Stored data:
Lemma rho_id y : a <= y <= 1 - a -> rho y = y.
Proof. intros; unfold rho. rewrite (ell_id y), ell_id by lra. ring. Qed.

Lemma rho_range y : a/2 <= rho y <= 1 - a/2.
Proof.
  unfold rho. pose proof (ell_bounds y). pose proof (ell_bounds (1 - ell y)).
  unfold Rmax in *. destruct (Rle_dec (1 - ell y) (a/2)); lra.
Qed.

Lemma rho_lt y : y < a -> rho y < a.
Proof.
  intros. pose proof (ell_bounds y). unfold rho. rewrite (ell_id (1 - ell y));
    unfold Rmax in *; destruct (Rle_dec y (a/2)); lra.
Qed.

Lemma rho_gt y : 1 - a < y -> 1 - a < rho y.
Proof.
  intros. unfold rho. rewrite (ell_id y) by lra. pose proof (ell_bounds (1 - y)).
  unfold Rmax in *; destruct (Rle_dec (1 - y) (a/2)); lra.
Qed.

Lemma rho_reflect y :
  (rho y < a -> y < a) /\ (1 - a < rho y -> 1 - a < y) /\
  (a < rho y -> a < y) /\ (rho y < 1 - a -> y < 1 - a).
Proof.
  pose proof (rho_lt y). pose proof (rho_gt y).
  destruct (Rlt_dec y a); [|destruct (Rlt_dec (1 - a) y)].
  - lra.
  - lra.
  - rewrite rho_id; lra.
Qed.

End Retraction.

(** * The spaces I and bold I *)

Lemma gen_sfun X f : gen X f -> sfun X f.
Proof. intros H c Hc; apply Hc; auto. Qed.

Lemma smooth_map_of_curves X Y (phi : car X -> car Y) :
  (forall c, curve X c -> curve Y (fun s => phi (c s))) -> smooth_map X Y phi.
Proof. intros H g Hg c Hc. apply Hg, H, Hc. Qed.

Lemma subspace_incl_smooth X (P : car X -> Prop) :
  smooth_map (Subspace X P) X (fun a => proj1_sig a).
Proof.
  apply smooth_map_of_curves. intros c Hc f Hf.
  apply (Hc (fun a => f (proj1_sig a))). exists f; split; [apply gen_sfun|]; auto.
Qed.

Lemma curve_fst X Y (c : R -> car (Product X Y)) : curve (Product X Y) c ->
  curve X (fun s => fst (c s)).
Proof.
  intros Hc f Hf. apply (Hc (fun p => f (fst p))). left. exists f; split; [apply gen_sfun|]; auto.
Qed.

Lemma curve_snd X Y (c : R -> car (Product X Y)) : curve (Product X Y) c ->
  curve Y (fun s => snd (c s)).
Proof.
  intros Hc f Hf. apply (Hc (fun p => f (snd p))). right. exists f; split; [apply gen_sfun|]; auto.
Qed.

Lemma curve_I (c : R -> car Ispace) : smooth (fun s => proj1_sig (c s)) -> curve Ispace c.
Proof.
  intros Hc g [f [Hf ->]].
  assert (Hsf : smooth f) by (apply (Hf (fun s => s)); intros g Hg; exact Hg).
  apply (smooth_comp f (fun s => proj1_sig (c s))); auto. apply smooth_in_everywhere; auto.
Qed.

Lemma val_inj (p q : car Ibold) : proj1_sig p = proj1_sig q -> p = q.
Proof. destruct p as [p Hp], q as [q Hq]; simpl; intros ->. f_equal; apply proof_irrelevance. Qed.

(** [rho a] is constant near both ends, hence a structure function of bold I. *)
Lemma rho_gen a : 0 < a < 1/2 -> gen Ibold (fun p : car Ibold => rho a (proj1_sig p)).
Proof.
  intros Ha. split.
  - intros c Hc. apply smooth_comp; [apply rho_smooth|].
    apply (Hc (fun a => proj1_sig a)). exists (fun x => x). split; [|reflexivity].
    intros c' Hc'. apply (Hc' (fun y => y)). apply smooth_of_smooth_in; intros k; apply Ck_on_id.
  - exists (a/2); split; [lra|]. split.
    + intros x y Hx Hy. rewrite !(rho_low a Ha); lra.
    + intros x y Hx Hy. rewrite !(rho_high a Ha); lra.
Qed.

Lemma Ibold_curve_local (x : R -> car Ibold) a s0 : curve Ibold x -> 0 < a < 1/2 ->
  near s0 (fun s => proj1_sig (x s) < a) \/ near s0 (fun s => 1 - a < proj1_sig (x s)) \/
  exists U, open_set U /\ U s0 /\
    (forall s, U s -> a/2 < proj1_sig (x s) < 1 - a/2) /\
    smooth_in U (fun s => proj1_sig (x s)).
Proof.
  intros Hx Ha. set (X := fun s => proj1_sig (x s)).
  assert (HR : forall b, 0 < b < 1/2 -> continuity_pt (fun s => rho b (X s)) s0).
  { intros b Hb. apply (smooth_in_continuous everywhere); [|exact I].
    apply smooth_in_everywhere, (Hx (fun p => rho b (proj1_sig p))), rho_gen, Hb. }
  destruct (Rlt_dec (X s0) a) as [Llow|Llow]; [|destruct (Rlt_dec (1 - a) (X s0)) as [Lhigh|Lhigh]].
  - left. apply near_mono with (fun s => rho a (X s) < a).
    + intros s Hs. apply (rho_reflect a Ha); auto.
    + apply continuous_lt; [apply HR; auto | apply rho_lt; auto].
  - right; left. apply near_mono with (fun s => 1 - a < rho a (X s)).
    + intros s Hs. apply (rho_reflect a Ha); auto.
    + apply continuous_gt; [apply HR; auto | apply rho_gt; auto].
  - right; right. set (b := a/2). assert (Hb : 0 < b < 1/2) by (unfold b; lra).
    assert (E0 : rho b (X s0) = X s0) by (apply rho_id; unfold b in *; lra).
    assert (Hn : near s0 (fun s => b < rho b (X s) /\ rho b (X s) < 1 - b)).
    { apply near_and; [apply continuous_gt | apply continuous_lt]; try apply HR; auto;
        unfold b in *; lra. }
    destruct Hn as [d [Hd Hball]].
    assert (HXb : forall s, Rabs (s - s0) < d -> b < X s < 1 - b /\ rho b (X s) = X s).
    { intros s Hs. destruct (Hball s Hs).
      pose proof (rho_reflect b Hb (X s)) as Hr.
      assert (b < X s < 1 - b) by (split; apply Hr; auto).
      split; auto. apply rho_id; lra. }
    exists (fun s => Rabs (s - s0) < d). split; [apply ball_open|].
    split; [rewrite Rminus_diag, Rabs_R0; auto|]. split; [intros s Hs; apply HXb, Hs|].
    apply smooth_in_ext with (fun s => rho b (X s)); [apply ball_open | intros s Hs; apply HXb, Hs|].
    apply smooth_in_of_smooth, (Hx (fun p => rho b (proj1_sig p))), rho_gen, Hb.
Qed.

(** * Clamped paths into bold I *)

Definition clamp (y : R) : R := Rmax 0 (Rmin 1 y).

Lemma clamp_cases y :
  (y <= 0 /\ clamp y = 0) \/ (0 <= y <= 1 /\ clamp y = y) \/ (1 <= y /\ clamp y = 1).
Proof. unfold clamp, Rmax, Rmin. destruct (Rle_dec 1 y); destruct (Rle_dec 0 _); lra. Qed.

Lemma clamp_range y : 0 <= clamp y <= 1.
Proof. destruct (clamp_cases y) as [|[|]]; lra. Qed.

Definition to_I (y : R) : car Ibold := exist (fun x => 0 <= x <= 1) (clamp y) (clamp_range y).

Lemma exterior_open s0 r : open_set (fun s => r < Rabs (s - s0)).
Proof.
  intros x Hx. exists (Rabs (x - s0) - r); split; [lra|]. intros y Hy.
  pose proof (Rabs_triang (x - y) (y - s0)) as T.
  replace (x - y + (y - s0)) with (x - s0) in T by ring.
  rewrite <- Rabs_Ropp in Hy. replace (- (y - x)) with (x - y) in Hy by ring. lra.
Qed.

(** A structure function of I composed with a path that is smooth near s0
    and passes through the interior of I at s0 is smooth near s0: cut the
    path off with a bump and retract it into I to get a curve of I. *)
Lemma sfun_I_local f Phi s0 : sfun Ispace f -> smooth_at Phi s0 -> 0 < Phi s0 < 1 ->
  smooth_at (fun s => f (to_I (Phi s))) s0.
Proof.
  intros Hf [U [HU [Us0 HS]]] HPhi.
  set (b := Rmin (Phi s0) (1 - Phi s0) / 2).
  assert (Hb : 0 < b < 1/2 /\ b < Phi s0 < 1 - b).
  { unfold b. pose proof (Rmin_l (Phi s0) (1 - Phi s0)); pose proof (Rmin_r (Phi s0) (1 - Phi s0)).
    assert (0 < Rmin (Phi s0) (1 - Phi s0)) by (apply Rmin_pos; lra). lra. }
  assert (Hc : continuity_pt Phi s0) by (apply (smooth_in_continuous U); auto).
  destruct (near_and _ _ _ (near_open _ _ HU Us0)
             (near_and _ _ _ (continuous_gt _ _ b Hc ltac:(lra)) (continuous_lt _ _ (1 - b) Hc ltac:(lra))))
    as [d [Hd N]].
  set (Psi := fun s => bump s0 (d/2) s * Phi s).
  assert (HPsi : smooth Psi).
  { apply smooth_glue. intros x. destruct (Rlt_dec (Rabs (x - s0)) d) as [Hlt|Hnlt].
    - exists (fun s => Rabs (s - s0) < d); split; [apply ball_open|]. split; auto.
      intros k. apply Ck_on_mult.
      + apply Ck_on_sub with everywhere; [intros; exact I | apply bump_smooth].
      + apply Ck_on_sub with U; [intros y Hy; apply (N y Hy) | apply HS].
    - apply smooth_at_near_const with 0.
      apply near_mono with (fun s => d/2 < Rabs (s - s0)); [|apply near_open; [apply exterior_open | lra]].
      intros y Hy. unfold Psi. rewrite bump_0; [ring | lra | lra]. }
  set (c := fun s => exist (fun x => 0 <= x <= 1) (rho b (Psi s))
               (conj (Rle_trans _ _ _ (ltac:(lra) : 0 <= b/2) (proj1 (rho_range b (proj1 Hb) (Psi s))))
                     (Rle_trans _ _ _ (proj2 (rho_range b (proj1 Hb) (Psi s))) (ltac:(lra) : 1 - b/2 <= 1)))
             : car Ispace).
  assert (Hcur : curve Ispace c) by (apply curve_I; simpl; apply smooth_comp; auto; apply rho_smooth).
  apply smooth_at_near_eq with (fun s => f (c s)); [|apply smooth_at_of_smooth, Hf, Hcur].
  exists (d/4); split; [lra|]. intros s Hs. f_equal. apply val_inj. simpl.
  destruct (N s ltac:(lra)) as [_ [N1 N2]].
  unfold Psi. rewrite bump_1, Rmult_1_l by (try lra; apply Rlt_le; lra).
  rewrite rho_id by lra. destruct (clamp_cases (Phi s)) as [|[|]]; lra.
Qed.

Lemma clamp_curve Phi :
  (forall eps, 0 < eps < 1/4 -> forall s0,
     near s0 (fun s => Phi s < eps) \/ near s0 (fun s => 1 - eps < Phi s) \/ smooth_at Phi s0) ->
  curve Ibold (fun s => to_I (Phi s)).
Proof.
  intros HP f [Hf [eps [He [H0 H1]]]]. apply smooth_glue. intros s0.
  assert (Hlow : near s0 (fun s => Phi s < eps) -> smooth_at (fun s => f (to_I (Phi s))) s0).
  { intros Hn. apply smooth_at_near_const with (f (to_I 0)). apply near_mono with (2 := Hn).
    intros s Hs. apply H0; simpl; destruct (clamp_cases (Phi s)) as [|[|]];
      destruct (clamp_cases 0) as [|[|]]; lra. }
  assert (Hhigh : near s0 (fun s => 1 - eps < Phi s) -> smooth_at (fun s => f (to_I (Phi s))) s0).
  { intros Hn. apply smooth_at_near_const with (f (to_I 1)). apply near_mono with (2 := Hn).
    intros s Hs. apply H1; simpl; destruct (clamp_cases (Phi s)) as [|[|]];
      destruct (clamp_cases 1) as [|[|]]; lra. }
  destruct (HP eps He s0) as [Hn|[Hn|Hsm]]; auto.
  assert (Hc : continuity_pt Phi s0).
  { destruct Hsm as [U [HU [Us0 HS]]]. apply (smooth_in_continuous U); auto. }
  destruct (Rlt_dec (Phi s0) eps); [apply Hlow, continuous_lt; auto|].
  destruct (Rlt_dec (1 - eps) (Phi s0)); [apply Hhigh, continuous_gt; auto|].
  apply sfun_I_local; auto; lra.
Qed.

Your task = When a line of the data holds the string "Ibold", pick it out and copy it.

Written answer =
Lemma val_inj (p q : car Ibold) : proj1_sig p = proj1_sig q -> p = q.
Lemma rho_gen a : 0 < a < 1/2 -> gen Ibold (fun p : car Ibold => rho a (proj1_sig p)).
Lemma Ibold_curve_local (x : R -> car Ibold) a s0 : curve Ibold x -> 0 < a < 1/2 ->
Definition to_I (y : R) : car Ibold := exist (fun x => 0 <= x <= 1) (clamp y) (clamp_range y).
  curve Ibold (fun s => to_I (Phi s)).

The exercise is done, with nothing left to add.